Find the word "elim" in the listing below, then return every line it appears in.

'''

(* For every integer $n$ (with $q\neq 0$ if $n<0$), $$h_{n+1}^2-qh_n^2=d^2\left[\left(b^2-a^2q\right)u_{2n+1}-aq\left(2b-ap\right)u_{2n}\right].$$
   Context: Let $p,q,a,b$ be complex numbers and let $d=\sqrt{p^2-4q}$. The sequence $(u_n)$ is defined by $u_0=0$, $u_1=1$, $u_n=pu_{n-1}-qu_{n-2}$. The Horadam-Lucas sequence $(h_n)$ is defined by $h_0=2b-ap$, $h_1=bp-2aq$, $h_n=ph_{n-1}-qh_{n-2}$. When $q\neq0$, both are extended to negative indices by $x_{n-2}=(px_{n-1}-x_n)/q$. *)

From HB Require Import structures.
From mathcomp Require Import all_boot all_order all_algebra.
From mathcomp Require Import complex.
From mathcomp Require Import reals.
Set Implicit Arguments. Unset Strict Implicit. Unset Printing Implicit Defensive.
Import Order.TTheory GRing.Theory Num.Theory.
Local Open Scope ring_scope.

Section Seq2.
Variable F : fieldType.
Variables (p q x0 x1 : F).

Fixpoint fwd2 (n : nat) : F * F :=
  match n with
  | 0%N => (x0, x1)
  | n'.+1 => let: (a, b) := fwd2 n' in (b, p * b - q * a)
  end.

(* backward pairs (x_{-n}, x_{-n+1}) for n >= 0,
   via x_{k-2} = (p x_{k-1} - x_k) / q *)
Fixpoint bwd2 (n : nat) : F * F :=
  match n with
  | 0%N => (x0, x1)
  | n'.+1 => let: (a, b) := bwd2 n' in ((p * a - b) / q, a)
  end.

Definition seq2 (z : int) : F :=
  match z with
  | Posz n => (fwd2 n).1
  | Negz n => (bwd2 n.+1).1
  end.
End Seq2.

Definition useq (F : fieldType) (p q : F) : int -> F := seq2 p q 0 1.

Definition hseq (F : fieldType) (p q a b : F) : int -> F :=
  seq2 p q (2 * b - a * p) (b * p - 2 * a * q).

(* Both sequences satisfy the same second-order linear recurrence, whose
   solutions are determined by two consecutive values. Hence
   h_k = h_1 u_k + h_0 (u_{k+1} - p u_k), and the addition formula
   x_{m+k} = x_{m+1} u_k + x_m (u_{k+1} - p u_k) gives the doubling formulas
   u_{2n+1} = u_{n+1}^2 - q u_n^2 and u_{2n} = u_n (2 u_{n+1} - p u_n).
   Substituting all of these, both sides become polynomials in p, q, a, b,
   u_n, u_{n+1} that agree identically, since d^2 = p^2 - 4q. *)
From HB Require Import structures.
From mathcomp Require Import all_boot all_order all_algebra.
From mathcomp Require Import complex.
From mathcomp Require Import reals.
From mathcomp Require Import ring.
Import Order.TTheory GRing.Theory Num.Theory.
Set Implicit Arguments. Unset Strict Implicit.
Local Open Scope ring_scope.

Section LinearRecurrence.
Variable F : fieldType.
Variables (p q : F).

(* Negative indices count only when q != 0, as the backward extension divides by q. *)
Definition admissible (z : int) : bool := (0 <= z) || (q != 0).

Lemma admissible1 : admissible 1.
Proof. by []. Qed.

Lemma admissibleD z m : admissible z -> admissible m -> admissible (z + m).
Proof.
rewrite /admissible; case: (q != 0); rewrite ?orbT // !orbF.
exact: addr_ge0.
Qed.

Definition recurrent (f : int -> F) :=
  forall z, admissible z -> f (z + 2) = p * f (z + 1) - q * f z.

Lemma recurrent_shift (f : int -> F) m : admissible m -> recurrent f ->
  recurrent (fun k => f (k + m)).
Proof.
by move=> gm rf z gz /=; rewrite (addrAC z 2) (addrAC z 1) rf // admissibleD.
Qed.

Lemma recurrent_eq0 (f : int -> F) : recurrent f -> f 0 = 0 -> f 1 = 0 ->
  forall z, admissible z -> f z = 0.
Proof.
move=> rf f0 f1.
have fwd (n : nat) : f n = 0 /\ f (n%:Z + 1) = 0.
  elim: n => [|n [fn fn1]]; first by rewrite add0r.
  have eS : n.+1%:Z = n%:Z + 1 by rewrite -addn1 PoszD.
  have eSS : n.+1%:Z + 1 = n%:Z + 2 by rewrite eS -addrA.
  by rewrite eSS rf // eS fn fn1 !mulr0 subr0.
have bwd (n : nat) : q != 0 -> f (- n%:Z) = 0 /\ f (- n%:Z + 1) = 0.
  move=> qn0; elim: n => [|n [fn fn1]]; first by rewrite oppr0 add0r.
  have eS : - n.+1%:Z + 1 = - n%:Z by rewrite -addn1 PoszD opprD addrNK.
  split; last by rewrite eS.
  have /(rf _) : admissible (- n.+1%:Z) by rewrite /admissible qn0 orbT.
  have eSS : - n.+1%:Z + 2 = - n%:Z + 1 by rewrite -addn1 PoszD; ring.
  rewrite eSS eS fn fn1 mulr0 sub0r.
  by move/esym/eqP; rewrite oppr_eq0 mulf_eq0 (negbTE qn0) => /eqP.
case=> [n|n] gz; first by case: (fwd n).
have qn0 : q != 0 by move: gz; rewrite /admissible.
by rewrite NegzE; case: (bwd n.+1 qn0).
Qed.

Lemma recurrent_uniq (f g : int -> F) : recurrent f -> recurrent g ->
  f 0 = g 0 -> f 1 = g 1 -> forall z, admissible z -> f z = g z.
Proof.
move=> rf rg e0 e1 z gz; apply/eqP; rewrite -subr_eq0; apply/eqP.
have rfg : recurrent (fun z => f z - g z).
  by move=> k gk; rewrite rf // rg //; ring.
by apply: (recurrent_eq0 rfg) => //=; rewrite ?e0 ?e1 subrr.
Qed.

Section TwoSided.
Variables x0 x1 : F.

Lemma fwd2S n : fwd2 p q x0 x1 n.+1 =
  ((fwd2 p q x0 x1 n).2, p * (fwd2 p q x0 x1 n).2 - q * (fwd2 p q x0 x1 n).1).
Proof. by rewrite /=; case: (fwd2 p q x0 x1 n). Qed.

Lemma bwd2S n : bwd2 p q x0 x1 n.+1 =
  ((p * (bwd2 p q x0 x1 n).1 - (bwd2 p q x0 x1 n).2) / q, (bwd2 p q x0 x1 n).1).
Proof. by rewrite /=; case: (bwd2 p q x0 x1 n). Qed.

Lemma seq2N (n : nat) : seq2 p q x0 x1 (- n%:Z) = (bwd2 p q x0 x1 n).1.
Proof. by case: n => [|n] //; rewrite -NegzE. Qed.

Lemma recurrent_seq2 : recurrent (seq2 p q x0 x1).
Proof.
case=> [n|n] gz.
  have -> : Posz n + 2 = n.+2 by rewrite -[n.+2]addn2 PoszD.
  have -> : Posz n + 1 = n.+1 by rewrite -[n.+1]addn1 PoszD.
  by rewrite /seq2 !fwd2S.
have qn0 : q != 0 by move: gz; rewrite /admissible.
case: n {gz} => [|n].
  by rewrite /seq2 /=; field.
have -> : Negz n.+1 = - n.+2%:Z by rewrite NegzE.
have -> : - n.+2%:Z + 1 = - n.+1%:Z by rewrite -addn1 PoszD opprD addrNK.
have -> : - n.+2%:Z + 2 = - n%:Z by rewrite -addn2 PoszD opprD addrNK.
by rewrite !seq2N !bwd2S /=; field.
Qed.

End TwoSided.

Notation u := (useq p q).

Lemma recurrent_useq : recurrent u.
Proof. exact: recurrent_seq2. Qed.

Lemma useq2 : u 2 = p.
Proof. by rewrite /useq /seq2 /=; ring. Qed.

(* [u (k + 1) - p * u k] is the solution with initial values 1, 0. *)
Lemma recurrentE (f : int -> F) : recurrent f -> forall k, admissible k ->
  f k = f 1 * u k + f 0 * (u (k + 1) - p * u k).
Proof.
move=> rf; apply: recurrent_uniq => //; last by rewrite useq2 /=; ring.
- move=> z gz /=.
  have /= -> := recurrent_shift admissible1 recurrent_useq gz.
  by rewrite (recurrent_useq gz); ring.
- by rewrite add0r /=; ring.
Qed.

Lemma recurrent_addE (f : int -> F) m k : recurrent f ->
  admissible m -> admissible k ->
  f (k + m) = f (m + 1) * u k + f m * (u (k + 1) - p * u k).
Proof.
move=> rf gm gk.
by have := recurrentE (recurrent_shift gm rf) gk; rewrite /= add0r (addrC 1).
Qed.

Lemma useq_double_add1 n : admissible n ->
  u (2 * n + 1) = u (n + 1) ^+ 2 - q * u n ^+ 2.
Proof.
move=> gn; have gn1 := admissibleD gn admissible1.
have -> : 2 * n + 1 = n + (n + 1) by ring.
rewrite (recurrent_addE recurrent_useq) //.
have -> : n + 1 + 1 = n + 2 by rewrite -addrA.
by rewrite recurrent_useq //; ring.
Qed.

Lemma useq_double n : admissible n -> u (2 * n) = u n * (2 * u (n + 1) - p * u n).
Proof.
move=> gn; have -> : 2 * n = n + n by ring.
by rewrite (recurrent_addE recurrent_useq) //; ring.
Qed.

End LinearRecurrence.

Theorem mainTheorem8 (R : realType) (p q a b : R[i]) (n : int) :
  (n < 0 -> q != 0) ->
  let d := sqrtC (p ^+ 2 - 4 * q) in
  hseq p q a b (n + 1) ^+ 2 - q * hseq p q a b n ^+ 2 =
  d ^+ 2 * ((b ^+ 2 - a ^+ 2 * q) * useq p q (2 * n + 1)
            - a * q * (2 * b - a * p) * useq p q (2 * n)).
Proof.
move=> hn d; rewrite /d sqrtCK.
have gn : admissible q n by rewrite /admissible; case: leP => // /hn ->.
have gn1 := admissibleD gn (admissible1 q).
have rh : recurrent p q (hseq p q a b) by exact: recurrent_seq2.
rewrite (recurrentE rh gn) (recurrentE rh gn1) useq_double_add1 // useq_double //.
have -> : n + 1 + 1 = n + 2 by rewrite -addrA.
by rewrite (recurrent_useq p gn) /hseq /=; ring.
Qed.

'''

**Response area:**
  elim: n => [|n [fn fn1]]; first by rewrite add0r.
  move=> qn0; elim: n => [|n [fn fn1]]; first by rewrite oppr0 add0r.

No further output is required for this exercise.